A. Brown's COE & ODNI's Decision to Rescind the COE
Brown's COE letter stated that it was “contingent upon [his] successful completion of all preemployment screening” and was “subject to the availability of funds.” Compl.; ECF 5-12 at 4. The letter further stated that a “Staff Reserve appointment may be terminated at any time and for any reason by the Director of National Intelligence;” that the COE could “be rescinded at any time prior to [his] EOD” and that Brown “should not take any actions based on this conditional offer.” Id.

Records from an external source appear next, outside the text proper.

(* Let $p$ be a prime, $k>0$ an integer, and $G_{p,k}=C_{p^\infty}\times C_k\times\mathbf{T}$ (a 1-dimensional Lie group). Every closed 1-dimensional subgroup of $G_{p,k}$ is of the form $D\times\mathbf{T}$, where $D$ is a subgroup of $C_{p^\infty}\times C_k$ (and every such set is a closed 1-dimensional subgroup). Moreover, the set of closed 1-dimensional subgroups is closed in $\mathcal{C}(G_{p,k})$, and the map $\pi^*:\mathcal{C}(C_{p^\infty}\times C_k)\to\mathcal{C}(G_{p,k})$, $D\mapsto\pi^{-1}(D)=D\times\mathbf{T}$, is a homeomorphism onto this set.
   Context: $\mathbf{T}$ is the circle group; $C_m\subset\mathbf{T}$ is the group of $m$-th roots of unity; $C_{p^\infty}=\bigcup_{\ell\ge1}C_{p^\ell}$ is the Prüfer $p$-group, with the discrete topology. $\pi:G_{p,k}\to C_{p^\infty}\times C_k$ is the projection onto the first two factors. $\mathcal{C}(G)$ denotes the space of closed subgroups of a locally compact group $G$ with the Chabauty topology, generated by the sets $\{H:H\cap K=\emptyset\}$ ($K$ compact) and $\{H:H\cap U\neq\emptyset\}$ ($U$ open). *)

From HB Require Import structures.
From mathcomp Require Import all_boot all_order all_algebra.
From mathcomp Require Import all_classical all_reals.
From mathcomp Require Import trigo.
From mathcomp.real_closed Require Import complex.

Set Implicit Arguments.
Unset Strict Implicit.
Unset Printing Implicit Defensive.

Import Order.TTheory GRing.Theory Num.Theory.
Local Open Scope classical_set_scope.
Local Open Scope ring_scope.

(* Generic notions for a "space" given by a carrier set X : set T and   *)
(* a predicate [op] singling out its open subsets.                      *)

Definition compactIn (T : Type) (X : set T) (op : set T -> Prop) (K : set T) :=
  K `<=` X /\
  forall (I : Type) (U : I -> set T), (forall i, op (U i)) ->
    K `<=` \bigcup_(i in setT) U i ->
    exists F : set I, finite_set F /\ K `<=` \bigcup_(i in F) U i.

Definition closedIn (T : Type) (X : set T) (op : set T -> Prop) (F : set T) :=
  F `<=` X /\ op (X `\` F).

Definition is_subgroup (T : Type) (X : set T) (one : T) (mul : T -> T -> T)
  (inv : T -> T) (H : set T) :=
  [/\ H `<=` X, H one,
      (forall x y, H x -> H y -> H (mul x y)) &
      (forall x, H x -> H (inv x))].

Definition closed_subgroups (T : Type) (X : set T) (op : set T -> Prop)
  (one : T) (mul : T -> T -> T) (inv : T -> T) : set (set T) :=
  [set H | is_subgroup X one mul inv H /\ closedIn X op H].

Definition chabauty_subbasic (T : Type) (X : set T) (op : set T -> Prop)
  (S : set (set T)) :=
  (exists K, compactIn X op K /\ S = [set H | H `&` K = set0]) \/
  (exists U, op U /\ S = [set H | H `&` U !=set0]).

(* Open sets of the topology on the family [C] generated by the         *)
(* (traces on C of the) subbasic sets: unions of finite intersections.  *)
Definition chabauty_open (T : Type) (X : set T) (op : set T -> Prop)
  (C : set (set T)) (A : set (set T)) :=
  A `<=` C /\
  forall H, A H -> exists F : set (set (set T)), finite_set F /\
    (forall S, F S -> chabauty_subbasic X op S /\ S H) /\
    (forall H', C H' -> (forall S, F S -> S H') -> A H').

Section Groups.
Local Unset Implicit Arguments.
Variable R : realType.
Local Open Scope complex_scope.

Definition circle : set R[i] := [set z | `|z| = 1].
Definition roots_unity (m : nat) : set R[i] := [set z | z ^+ m = 1].
Definition prufer (p : nat) : set R[i] :=
  [set z | exists l : nat, (0 < l)%N /\ roots_unity (p ^ l) z].

Definition D0 (p k : nat) : set (R[i] * R[i]) :=
  [set d | prufer p d.1 /\ roots_unity k d.2].
Definition D0_open (p k : nat) (U : set (R[i] * R[i])) := U `<=` D0 p k.
Definition D0_one : R[i] * R[i] := (1, 1).
Definition D0_mul (x y : R[i] * R[i]) : R[i] * R[i] := (x.1 * y.1, x.2 * y.2).
Definition D0_inv (x : R[i] * R[i]) : R[i] * R[i] := (x.1^-1, x.2^-1).

Definition Gpk (p k : nat) : set ((R[i] * R[i]) * R[i]) :=
  [set g | D0 p k g.1 /\ circle g.2].
(* product topology: discrete x discrete x circle (metric |z - w|) *)
Definition Gpk_open (p k : nat) (U : set ((R[i] * R[i]) * R[i])) :=
  U `<=` Gpk p k /\
  forall g, U g -> exists e : R, 0 < e /\
    forall w, circle w -> `|w - g.2| < e%:C -> U (g.1, w).
Definition G_one : (R[i] * R[i]) * R[i] := (D0_one, 1).
Definition G_mul (g h : (R[i] * R[i]) * R[i]) : (R[i] * R[i]) * R[i] :=
  (D0_mul g.1 h.1, g.2 * h.2).
Definition G_inv (g : (R[i] * R[i]) * R[i]) : (R[i] * R[i]) * R[i] :=
  (D0_inv g.1, g.2^-1).

(* Lie algebra of G_{p,k} is R, with exponential map                    *)
(*   exp(X) = (1, 1, e^{2 pi i X}).                                     *)
Definition expG (X : R) : (R[i] * R[i]) * R[i] :=
  (D0_one, cos (2 * pi * X) +i* sin (2 * pi * X)).
Definition lie_algebra (H : set ((R[i] * R[i]) * R[i])) : set R :=
  [set X | forall t : R, H (expG (t * X))].
(* H is 1-dimensional: its Lie algebra (a subspace of R) is nonzero *)
Definition one_dimensional (H : set ((R[i] * R[i]) * R[i])) :=
  exists X, X != 0 /\ lie_algebra H X.

Definition CG (p k : nat) := closed_subgroups (Gpk p k) (@Gpk_open p k) G_one G_mul G_inv.
Definition CD (p k : nat) := closed_subgroups (D0 p k) (@D0_open p k) D0_one D0_mul D0_inv.

Definition pistar (p k : nat) (D : set (R[i] * R[i])) : set ((R[i] * R[i]) * R[i]) :=
  [set g | Gpk p k g /\ D g.1].

End Groups.

From mathcomp Require Import all_boot all_order all_algebra.
From mathcomp Require Import all_classical all_reals.
From mathcomp.real_closed Require Import complex.
From mathcomp Require Import trigo lra.
Import Order.TTheory GRing.Theory Num.Theory.
Local Open Scope classical_set_scope.
Local Open Scope ring_scope.

Set Implicit Arguments.
Unset Strict Implicit.

(* A subgroup H with nonzero Lie algebra contains exp(R X) = 1 x T, and
   translating by 1 x T shows that H = pi^{-1}(pi H); conversely every
   pi^{-1} D contains 1 x T.  A closed subgroup missing some (1, w) keeps
   missing the compact set {(1, w)} on a Chabauty neighbourhood, so being
   1-dimensional is a closed condition.  Continuity and openness of pi^* hold
   because each subbasic Chabauty set on one side matches one on the other
   side along pi^*: a compact K and an open U of G correspond to pi(K) and
   pi(U), and a compact K and an open U of the discrete group lift to
   K x {1} and U x T. *)

Lemma finite_set_transfer (A B : Type) (F : set A) (P : B -> Prop)
    (rel : A -> B -> Prop) :
  finite_set F -> (forall a, F a -> exists2 b, P b & rel a b) ->
  exists G : set B, [/\ finite_set G,
    forall b, G b -> P b /\ exists2 a, F a & rel a b &
    forall a, F a -> exists2 b, G b & rel a b].
Proof.
move=> fF hF; have [[a0 Fa0]|F0] := pselect (F !=set0); last first.
  exists set0; split => [|//|a Fa]; first exact: finite_set0.
  by case: F0; exists a.
have [b0 _ _] := hF a0 Fa0.
have : forall a, exists b, F a -> P b /\ rel a b.
  move=> a; have [Fa|nFa] := pselect (F a); last by exists b0.
  by have [b Pb rab] := hF a Fa; exists b.
case/choice => g hg.
exists (g @` F); split; first exact: finite_image.
  by move=> _ [a Fa <-]; have [Pga rga] := hg a Fa; split => //; exists a.
by move=> a Fa; exists (g a); [exists a | have [] := hg a Fa].
Qed.

Section ChabautyMaps.
Variables (T T' : Type) (X : set T) (op : set T -> Prop).
Variables (X' : set T') (op' : set T' -> Prop).

Lemma compactIn_set1 x : X x -> compactIn X op [set x].
Proof.
move=> Xx; split=> [y -> //|I U _ cov]; have [i _ Ui] := cov x erefl.
by exists [set i]; split=> [|y ->]; [exact: finite_set1 | exists i].
Qed.

Lemma compactIn_image (f : T -> T') K :
  (forall x, X x -> X' (f x)) -> (forall U, op' U -> op (X `&` f @^-1` U)) ->
  compactIn X op K -> compactIn X' op' (f @` K).
Proof.
move=> fX fop [sK cK]; split=> [_ [x /sK Xx <-]|I U oU cov]; first exact: fX.
have [|F [fF sF]] := cK I (fun i => X `&` f @^-1` U i) (fun i => fop _ (oU i)).
  move=> x Kx; have [i _ Ui] := cov (f x) (ex_intro2 _ _ x Kx erefl).
  by exists i => //; split => //; exact: sK.
by exists F; split => // _ [x /sF [i Fi [_ Ui]] <-]; exists i.
Qed.

Variables (C : set (set T)) (C' : set (set T')) (phi : set T' -> set T).

Lemma chabauty_open_preimage :
  (forall D, C' D -> C (phi D)) ->
  (forall S, chabauty_subbasic X op S -> exists2 S',
     chabauty_subbasic X' op' S' & forall D, C' D -> S' D <-> S (phi D)) ->
  forall A, chabauty_open X op C A ->
  chabauty_open X' op' C' [set D | C' D /\ A (phi D)].
Proof.
move=> phiC pull A [_ oA]; split=> [D [] //|D [C'D /oA [F [fF [FS FA]]]]].
have [F' [fF' F'S F'F]] := finite_set_transfer
  (rel := fun S S' => forall D, C' D -> S' D <-> S (phi D))
  fF (fun S FS_S => pull S (FS S FS_S).1).
exists F'; split => //; split.
  move=> S' /F'S [sb [S /FS [_ SD] e]]; split => //; exact/e.
move=> D' C'D' F'D'; split => //; apply: FA => [|S /F'F [S' /F'D' ? e]].
  exact: phiC.
exact/e.
Qed.

Lemma chabauty_open_image (Y : set (set T)) :
  Y `<=` C -> chabauty_open X op C (C `\` Y) ->
  (forall D, C' D -> Y (phi D)) ->
  (forall H, Y H -> exists2 D, C' D & phi D = H) ->
  (forall S', chabauty_subbasic X' op' S' -> exists2 S,
     chabauty_subbasic X op S & forall D, C' D -> S (phi D) <-> S' D) ->
  forall B, chabauty_open X' op' C' B ->
  exists2 A, chabauty_open X op C A & phi @` B = A `&` Y.
Proof.
move=> YC [_ oCY] phiY Yphi push B [sB oB].
exists [set H | C H /\ (Y H -> exists2 D, B D & phi D = H)]; last first.
  apply/seteqP; split=> [_ [D BD <-]|H [[_ BH] /BH [D BD <-]]].
    by have YD := phiY _ (sB _ BD); split => //; split; [exact: YC | exists D].
  by exists D.
split=> [H [] //|H [CH BH]].
have [YH|nYH] := pselect (Y H); last first.
  have [F [fF [FS FA]]] := oCY H (conj CH nYH).
  by exists F; split => //; split => // H' CH' /(FA _ CH') [_ nYH'].
have [D BD DH] := BH YH; have [F' [fF' [F'S F'B]]] := oB D BD.
have [F [fF FS FF']] := finite_set_transfer
  (rel := fun S' S => forall D, C' D -> S (phi D) <-> S' D)
  fF' (fun S' F'S_S' => push S' (F'S S' F'S_S').1).
exists F; split => //; split.
  move=> S /FS [sb [S' /F'S [_ S'D] e]]; split => //; rewrite -DH.
  by apply/e => //; exact: sB.
move=> H' CH' FH'; split => // /Yphi [D' C'D' DH']; subst H'; exists D' => //.
by apply: F'B => // S' /FF' [S /FH' ? e]; exact/e.
Qed.

End ChabautyMaps.

Section Circle.
Variable R : realType.

Lemma circleC (a b : R) : circle R (Complex a b) <-> a ^+ 2 + b ^+ 2 = 1.
Proof.
rewrite /circle /= normc_def /=; split=> [[] h|->]; last by rewrite sqrtr1.
have h0 : 0 <= a ^+ 2 + b ^+ 2 by rewrite addr_ge0 // sqr_ge0.
by rewrite -(sqr_sqrtr h0) h expr1n.
Qed.

Lemma circle_cos_sin (t : R) : circle R (cos t +i* sin t)%C.
Proof. by apply/circleC; rewrite cos2Dsin2. Qed.

Lemma circle_cos_sin_surj (z : R[i]) :
  circle R z -> exists t : R, z = (cos t +i* sin t)%C.
Proof.
case: z => a b /circleC h.
have ha : -1 <= a <= 1 by apply/andP; split; nra.
have sin_acos_a : sin (acos a) = `|b|.
  by rewrite sin_acos // -sqrtr_sqr; congr Num.sqrt; lra.
have [b_ge0|b_lt0] := lerP 0 b.
  by exists (acos a); rewrite acosK ?inE // sin_acos_a ger0_norm.
exists (- acos a).
by rewrite cosN sinN acosK ?inE // sin_acos_a ltr0_norm ?opprK.
Qed.

Lemma circle1 : circle R 1.
Proof. by rewrite /circle /= normr1. Qed.

Lemma circleM (a b : R[i]) : circle R a -> circle R b -> circle R (a * b).
Proof. by rewrite /circle /= normrM => -> ->; rewrite mulr1. Qed.

Lemma circleV (a : R[i]) : circle R a -> circle R a^-1.
Proof. by rewrite /circle /= normfV => ->; rewrite invr1. Qed.

Lemma circle_neq0 (a : R[i]) : circle R a -> a != 0.
Proof. by rewrite /circle /= => a1; rewrite -normr_eq0 a1 oner_neq0. Qed.

End Circle.

Section Gpk.
Variables (R : realType) (p k : nat).

Lemma D0_one_mem : D0 R p k (D0_one R).
Proof. by split; [exists 1%N | ]; rewrite /roots_unity /= expr1n. Qed.

Lemma pistarE D : D `<=` D0 R p k ->
  pistar R p k D = [set g | D g.1 /\ circle R g.2].
Proof.
move=> sD; apply/seteqP; split=> [g [[_ ?] ?] // | g [Dg ?]].
by split => //; split => //; exact: sD.
Qed.

Lemma fst_pistar D : D `<=` D0 R p k -> fst @` pistar R p k D = D.
Proof.
move=> sD; apply/seteqP; split=> [_ [g [_ Dg] <-] // | d Dd].
by exists (d, 1) => //; split => //; split; [exact: sD | exact: circle1].
Qed.

Lemma pistar_subgroup D :
  is_subgroup (D0 R p k) (D0_one R) (@D0_mul R) (@D0_inv R) D ->
  is_subgroup (Gpk R p k) (G_one R) (@G_mul R) (@G_inv R) (pistar R p k D).
Proof.
case=> sD D1 DM DV.
split=> [g [] // | | x y [[_ x2] Dx] [[_ y2] Dy] | x [[_ x2] Dx]].
- by split; [split; [exact: D0_one_mem | exact: circle1] | ].
- by split; [split; [exact/sD/DM | exact: circleM] | exact: DM].
- by split; [split; [exact/sD/DV | exact: circleV] | exact: DV].
Qed.

Lemma pistar_closed D : closedIn (Gpk R p k) (@Gpk_open R p k) (pistar R p k D).
Proof.
split=> [g [] // |]; split=> [g [] // | g [Gg nDg]].
exists 1; split=> // w w1 _; split=> [|[_ Dg]]; last exact: nDg.
by split => //; case: Gg.
Qed.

The Court takes judicial notice of the fact that EOD stands for “Entry on Duty,” which is defined by the U.S. government's civil service job employment website as the “process by which a person completes the necessary paperwork and is sworn in as an employee.” https://www.usajobs.gov/Help/glossary/.

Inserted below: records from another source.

Lemma above_ufrac j i : (j < i <= a)%N -> above j (u i).
Proof.
move=> /andP[lt_ji le_ia]; exists (uvar a i) => // mon.
rewrite /uvar msuppX inE => /eqP -> k le_kj; rewrite mnm1E.
by case: eqP => // k_i; move: le_kj; rewrite -k_i inordK //; lia.
Qed.

Lemma above_le j j' x : (j' <= j)%N -> above j x -> above j' x.
Proof. by move=> le_j'j [p p_above ->]; exists p => // mon /p_above + i le_ij'; apply; lia. Qed.

Lemma inR_emb p : inR (emb p).
Proof. by exists 0%N, p; rewrite mulr1. Qed.

Lemma inR0 : inR (0 : Frac a).
Proof. by rewrite -(rmorph0 (@tofrac (Pol a))); apply: inR_emb. Qed.

Lemma inR_ratr q : inR (ratr q : Frac a).
Proof. by rewrite ratr_embC; apply: inR_emb. Qed.

Lemma inRD x y : inR x -> inR y -> inR (x + y).
Proof.
move=> [k [p xE]] [k' [p' yE]].
exists (k + k')%N, (p * uvar a a ^+ k' + p' * uvar a a ^+ k).
have -> : emb (p * uvar a a ^+ k' + p' * uvar a a ^+ k) = emb p * u a ^+ k' + emb p' * u a ^+ k.
  by rewrite /ufrac /emb rmorphD !rmorphM !rmorphXn.
by rewrite -xE -yE exprD; ring.
Qed.

Lemma inRM x y : inR x -> inR y -> inR (x * y).
Proof.
move=> [k [p xE]] [k' [p' yE]]; exists (k + k')%N, (p * p').
have -> : emb (p * p') = emb p * emb p' by rewrite /emb rmorphM.
by rewrite -xE -yE exprD; ring.
Qed.
Lemma ell_hat d (w : {perm 'I_d.+1}) a : ell w = ell (hat w a) + inv_at w a.
Proof.
rewrite !ell_sum /inv_at; under eq_bigr do rewrite (sum_lift a).
rewrite big_split /= !(sum_lift a) !ltnn /= big_split /=.
have -> : \sum_(z < d) \sum_(z' < d) ((lift a z < lift a z') && (w (lift a z') < w (lift a z)))
          = \sum_(p < d) \sum_(q < d) ((p < q) && (hat w a q < hat w a p)).
  by apply: eq_bigr => z _; apply: eq_bigr => z' _; rewrite !hatE !ltn_lift.
by rewrite !add0n [RHS]addnC addnCA addnA.
Qed.

End Permutations.

Section Blocks.

Variables (D n : nat) (b : 'I_n -> nat).

(* The junk value n never occurs once the block sizes sum to D (block_lt). *)
Definition block (x : 'I_D) : nat := oapp (@nat_of_ord n) n [pick i | x \in Bset D b i].

Lemma bstartS (i : 'I_n) : bstart b i + b i = \sum_(k < n | k < i.+1) b k.
Proof.
rewrite /bstart [RHS](bigD1 i) ?ltnSn //= addnC; congr (_ + _).
by apply: eq_bigl => k; rewrite ltnS -val_eqE andbC -ltn_neqAle.
Qed.

Lemma bstart_leq (i i' : 'I_n) : i < i' -> bstart b i + b i <= bstart b i'.
Proof.
move=> lt_ii'; rewrite bstartS.
by apply: (sub_le_big leqnn (fun x y => leq_addr y x)) => k /leq_trans; apply.
Qed.

Lemma Bset_ltn (i i' : 'I_n) (x y : 'I_D) :
  x \in Bset D b i -> y \in Bset D b i' -> i < i' -> x < y.
Proof. by rewrite !inE => /andP[_ ?] /andP[? _] /bstart_leq; lia. Qed.

Hypothesis sum_b : \sum_(k < n) b k = D.

Lemma Bset_cover (x : 'I_D) : exists i, x \in Bset D b i.
Proof.
pose f k : nat := x < \sum_(i < n | i < k) b i.
have f0 : f 0 = 0 by rewrite /f big_pred0.
have fn : f n = 1 by rewrite /f (eq_bigl xpredT) ?sum_b ?ltn_ord // => i; rewrite ltn_ord.
have [|k [_ lt_kn ascent_k]] := @ex_ascent f 0 n (leq0n n); first by rewrite f0 fn.
exists (Ordinal lt_kn); rewrite inE bstartS /bstart.
move: ascent_k; rewrite /f.
set s := \sum_(i < n | i < k) b i; set s' := \sum_(i < n | i < k.+1) b i.
by case: (ltnP x s); case: (ltnP x s').
Qed.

Around April or May 2020, ODNI leadership required the Directorate for Mission Integration (“DMI”) to do a grade structure review of all positions out of concern about DMI grade inflation. Def. Mem.; Ex. 6 at 7. At the time, all of the National Intelligence Officer (“NIO”) positions were Senior National Intelligence Service (“SNIS”) Tier II positions and as a result of the review, DMI reduced the senior structure by twenty-five positions and also converted a majority of the SNIS Tier II positions to Tier I, which included the NIO position initially offered to Brown. Id.; Ex. 6 at 6-10. When Brown was offered his position in 2019, it was a Staff Reserve position for three years that could be extended for a total of five years; however, Staff Reserve appointments were subsequently changed to one year plus a possible extension of one more year based on a need for ODNI to comply with Office of Personnel Management (“OPM”) guidance. Id.; Ex. 5 at 6-7; Ex. 6 at 17-19; Ex. 9 at 2-7. Furthermore, at ODNI, if a position changes “significantly” or there is a mission change, the guidance is to rescind a job offer. Id.; Ex. 5 at 11-12; Ex. 6 at 12-13.
Although the position tiers are not discussed by either party in any detail, it can be inferred that converting a Tier II position to a Tier I one is considered a downgrade in the position.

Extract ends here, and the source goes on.